In the forests of the Pacific Northwest, Ben Cash (Viggo Mortensen) and his six children live off the grid, hunting and scavenging for their food. He ‘homeschools’ the children, and teaches them survival techniques, giving them dangerous knives and other weapons as presents.

However, when the death of Ben’s wife Leslie forces them to take a trip back to civilisation for her funeral, there is a distinct clash of cultures between their way of life and that of Leslie’s family (and indeed Ben’s own family). For while Ben has taught his children how to survive life or death situations, they are socially inept, as demonstrated by their eldest son when he meets a girl who has a crush on him.

The film raises the question of whether what Ben is doing is fair and right for his children, or whether it is a form of abuse.

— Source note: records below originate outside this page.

(* Let $I_1\subset\mathbb{R}$ be an open interval and $I_2$ an open, relatively compact subinterval of $I_1$. For every integer $n\ge1$ and all $C_1,C_2>0$ there exists $\delta>0$ such that for every $C^1$ map $h:I_1\to\mathbb{R}$ with $\|h-\mathrm{id}\|_{1,I_1}<\delta$ and all $x,y\in I_2$ with $|y-x|<C_2|h^n(x)-x|$, we have $$|(h(y)-y)-(h(x)-x)|<C_1|h(x)-x|.$$
   Context: For an open set $J\subset\mathbb{R}$ and a $C^1$ map $u$ on $J$, $\|u\|_{1,J}=\sup_{x\in J}(|u(x)|+|u'(x)|)$. *)

From Stdlib Require Import Reals.
Open Scope R_scope.

Definition is_open_interval (I : R -> Prop) : Prop :=
  (exists x, I x) /\
  (forall x y z, I x -> I z -> x <= y <= z -> I y) /\
  (forall x, I x -> exists e, 0 < e /\ forall y, Rabs (y - x) < e -> I y).

Definition C1_on (J : R -> Prop) (u u' : R -> R) : Prop :=
  (forall x, J x -> derivable_pt_lim u x (u' x)) /\
  (forall x, J x -> continuity_pt u' x).

(* ||u||_{1,J} < d, where ||u||_{1,J} = sup_{x in J} (|u x| + |u' x|). *)
Definition C1_norm_lt (J : R -> Prop) (u u' : R -> R) (d : R) : Prop :=
  exists M, M < d /\ forall x, J x -> Rabs (u x) + Rabs (u' x) <= M.

From Stdlib Require Import Reals Lra Lia.
Open Scope R_scope.

(* Write g := h - id; the hypothesis says |g| + |g'| <= M < delta
   on I1.  By the mean value theorem g is M-Lipschitz on I1 (lemma
   [deriv_bound_lipschitz]).  Once M <= 1, the displacement of the orbit of x
   grows at most geometrically: |h^k x - x| <= (2^k - 1) |g x|, as long as the
   orbit stays in I1 (lemma [iterate_displacement]).  Since |g x| <= M < delta,
   choosing delta <= e / 2^n keeps the first n iterates inside an
   e-neighbourhood of [a, b] contained in I1 (lemma [interval_margin]).  Then
     |g y - g x| <= M |y - x| < delta * C2 * 2^n * |g x| <= C1 |g x|
   as soon as delta <= C1 / (C2 * 2^n); such a delta <= 1 exists by [small_step]. *)

Lemma interval_margin (I : R -> Prop) (a b : R) :
  is_open_interval I -> a <= b -> (forall z, a <= z <= b -> I z) ->
  exists e, 0 < e /\ forall z, a - e <= z <= b + e -> I z.
Proof.
  intros [_ [Hconv Hopen]] Hab Hsub.
  destruct (Hopen a (Hsub a ltac:(lra))) as [e1 [He1 Ha]].
  destruct (Hopen b (Hsub b ltac:(lra))) as [e2 [He2 Hb]].
  exists (Rmin e1 e2 / 2).
  pose proof (Rmin_l e1 e2); pose proof (Rmin_r e1 e2).
  assert (Hmin : 0 < Rmin e1 e2) by (apply Rmin_glb_lt; lra).
  split; [lra|].
  intros z Hz. apply (Hconv (a - Rmin e1 e2 / 2) z (b + Rmin e1 e2 / 2)); auto.
  - apply Ha. rewrite Rabs_left1; lra.
  - apply Hb. rewrite Rabs_right; lra.
Qed.

Lemma deriv_bound_lipschitz (J : R -> Prop) (u u' : R -> R) (M : R) :
  (forall x y z, J x -> J z -> x <= y <= z -> J y) ->
  (forall x, J x -> derivable_pt_lim u x (u' x)) ->
  (forall x, J x -> Rabs (u' x) <= M) ->
  forall v w, J v -> J w -> Rabs (u v - u w) <= M * Rabs (v - w).
Proof.
  intros Hconv Hder Hbound.
  assert (ordered : forall v w, J v -> J w -> v < w ->
            Rabs (u w - u v) <= M * Rabs (w - v)).
  { intros v w Hv Hw Hvw.
    destruct (MVT_cor2 u u' v w Hvw) as [c [Hmvt Hc]].
    { intros c Hc. apply Hder, (Hconv v c w); auto. }
    rewrite Hmvt, Rabs_mult.
    apply Rmult_le_compat_r; [apply Rabs_pos|].
    apply Hbound, (Hconv v c w); auto; lra. }
  intros v w Hv Hw.
  destruct (total_order_T v w) as [[Hlt|Heq]|Hgt].
  - rewrite Rabs_minus_sym, (Rabs_minus_sym v w); auto.
  - subst. unfold Rminus. rewrite !Rplus_opp_r, Rabs_R0. lra.
  - auto.
Qed.

Lemma iterate_displacement (J : R -> Prop) (h : R -> R) (x : R) :
  (forall u v, J u -> J v -> Rabs ((h u - u) - (h v - v)) <= Rabs (u - v)) ->
  forall k : nat,
    (forall z, Rabs (z - x) <= (2 ^ k - 1) * Rabs (h x - x) -> J z) ->
    Rabs (Nat.iter k h x - x) <= (2 ^ k - 1) * Rabs (h x - x).
Proof.
  intros Hlip k. set (d := Rabs (h x - x)).
  assert (Hd : 0 <= d) by apply Rabs_pos.
  induction k as [|k IH]; intros Hball.
  - simpl. unfold Rminus. rewrite Rplus_opp_r, Rabs_R0. lra.
  - assert (Hpow : 1 <= 2 ^ k) by (apply pow_R1_Rle; lra).
    assert (Hsmaller : forall z, Rabs (z - x) <= (2 ^ k - 1) * d -> J z).
    { intros z Hz. apply Hball. simpl. nra. }
    set (z := Nat.iter k h x).
    assert (Hzx : Rabs (z - x) <= (2 ^ k - 1) * d) by exact (IH Hsmaller).
    assert (Hx : J x).
    { apply Hsmaller. unfold Rminus. rewrite Rplus_opp_r, Rabs_R0. nra. }
    pose proof (Hlip z x (Hsmaller z Hzx) Hx) as Hstep.
    change (Rabs (h z - x) <= (2 ^ S k - 1) * d).
    replace (h z - x) with ((h z - z - (h x - x)) + (h x - x) + (z - x)) by ring.
    pose proof (Rabs_triang (h z - z - (h x - x) + (h x - x)) (z - x)).
    assert (Rabs (h z - z - (h x - x) + (h x - x)) <= Rabs (h z - z - (h x - x)) + d)
      by apply Rabs_triang.
    simpl. lra.
Qed.

Lemma small_step (c1 c2 k1 k2 : R) :
  0 < c1 -> 0 < c2 -> 0 < k1 -> 0 < k2 ->
  exists delta, 0 < delta /\ delta <= 1 /\ delta * k1 <= c1 /\ delta * k2 <= c2.
Proof.
  intros Hc1 Hc2 Hk1 Hk2.
  set (delta := Rmin 1 (Rmin (c1 / k1) (c2 / k2))).
  assert (H1 : delta <= c1 / k1) by (eapply Rle_trans; [apply Rmin_r | apply Rmin_l]).
  assert (H2 : delta <= c2 / k2) by (eapply Rle_trans; [apply Rmin_r | apply Rmin_r]).
  exists delta. repeat split.
  - repeat apply Rmin_glb_lt; try lra; apply Rdiv_lt_0_compat; lra.
  - apply Rmin_l.
  - apply (Rmult_le_compat_r k1) in H1; [|lra].
    unfold Rdiv in H1. rewrite Rmult_assoc, Rinv_l in H1 by lra. lra.
  - apply (Rmult_le_compat_r k2) in H2; [|lra].
    unfold Rdiv in H2. rewrite Rmult_assoc, Rinv_l in H2 by lra. lra.
Qed.

Theorem lemma3p11 (I1 : R -> Prop) (a b : R) :
  is_open_interval I1 ->
  a < b -> (forall z, a <= z <= b -> I1 z) ->
  forall (n : nat) (C1 C2 : R), (1 <= n)%nat -> 0 < C1 -> 0 < C2 ->
  exists delta, 0 < delta /\
    forall h h' : R -> R,
      C1_on I1 h h' ->
      C1_norm_lt I1 (fun t => h t - t) (fun t => h' t - 1) delta ->
      forall x y, a < x < b -> a < y < b ->
        Rabs (y - x) < C2 * Rabs (Nat.iter n h x - x) ->
        Rabs ((h y - y) - (h x - x)) < C1 * Rabs (h x - x).
Proof.
  intros HI Hab Hsub n C1 C2 _ HC1 HC2.
  destruct (interval_margin I1 a b HI ltac:(lra) Hsub) as [e [He Hmargin]].
  set (P := 2 ^ n).
  assert (HP : 1 <= P) by (apply pow_R1_Rle; lra).
  destruct (small_step e C1 P (C2 * P)) as [delta [Hdpos [Hd1 [Hde HdC]]]]; try nra.
  exists delta. split; [exact Hdpos|].
  intros h h' [Hder _] [M [HMd HM]] x y Hx Hy Hyx.
  set (d := Rabs (h x - x)).
  assert (HdM : d <= M).
  { pose proof (HM x (Hsub x ltac:(lra))). pose proof (Rabs_pos (h' x - 1)). unfold d. lra. }
  assert (Hlip : forall u v, I1 u -> I1 v -> Rabs ((h u - u) - (h v - v)) <= M * Rabs (u - v)).
  { apply (deriv_bound_lipschitz I1 (fun t => h t - t) (fun t => h' t - 1)); [apply HI| |].
    - intros t Ht. exact (derivable_pt_lim_minus h id t (h' t) 1 (Hder t Ht) (derivable_pt_lim_id t)).
    - intros t Ht. pose proof (HM t Ht). pose proof (Rabs_pos (h t - t)). lra. }
  assert (Horbit : Rabs (Nat.iter n h x - x) <= (P - 1) * d).
  { apply (iterate_displacement I1).
    - intros u v Hu Hv. pose proof (Hlip u v Hu Hv). pose proof (Rabs_pos (u - v)). nra.
    - intros z Hz. apply Hmargin.
      change (Rabs (z - x) <= (P - 1) * d) in Hz.
      pose proof (Rle_abs (z - x)). pose proof (Rle_abs (-(z - x))) as Hneg.
      rewrite Rabs_Ropp in Hneg. nra. }
  (* |g y - g x| <= M |y - x| < delta * C2 * 2^n * d <= C1 * d *)
  assert (Hd0 : 0 <= d) by apply Rabs_pos.
  assert (Hyx' : Rabs (y - x) < C2 * P * d) by nra.
  pose proof (Hlip y x (Hsub y ltac:(lra)) (Hsub x ltac:(lra))).
  pose proof (Rabs_pos (y - x)). nra.
Qed.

At least two of the children rebel against his authority and he is left with difficult decisions.

It would be easy to hate Ben for what effectively amounts to brainwashing, and for his almost smug attitude towards other people – for example when his sister’s two sons are unable to tell him what the Bill of Rights is, he calls down his eight year old daughter, who breaks it down for them without a second thought. But Viggo Mortensen is such a talented and subtle actor that while it’s one thing to see what damage Ben is – albeit inadvertently and with the best of intentions – doing to the children, we can also sympathise with him to an extent. But we can also understand the frustration of Leslie’s parents (Frank Langella and Ann Down), who are also basically very decent people.

With splendid acting from all concerned, and a compelling central character, this might not be as funny as you might expect, but it’s compelling and never gets boring. It’s almost two hours long, and felt half the time to me. Recommended.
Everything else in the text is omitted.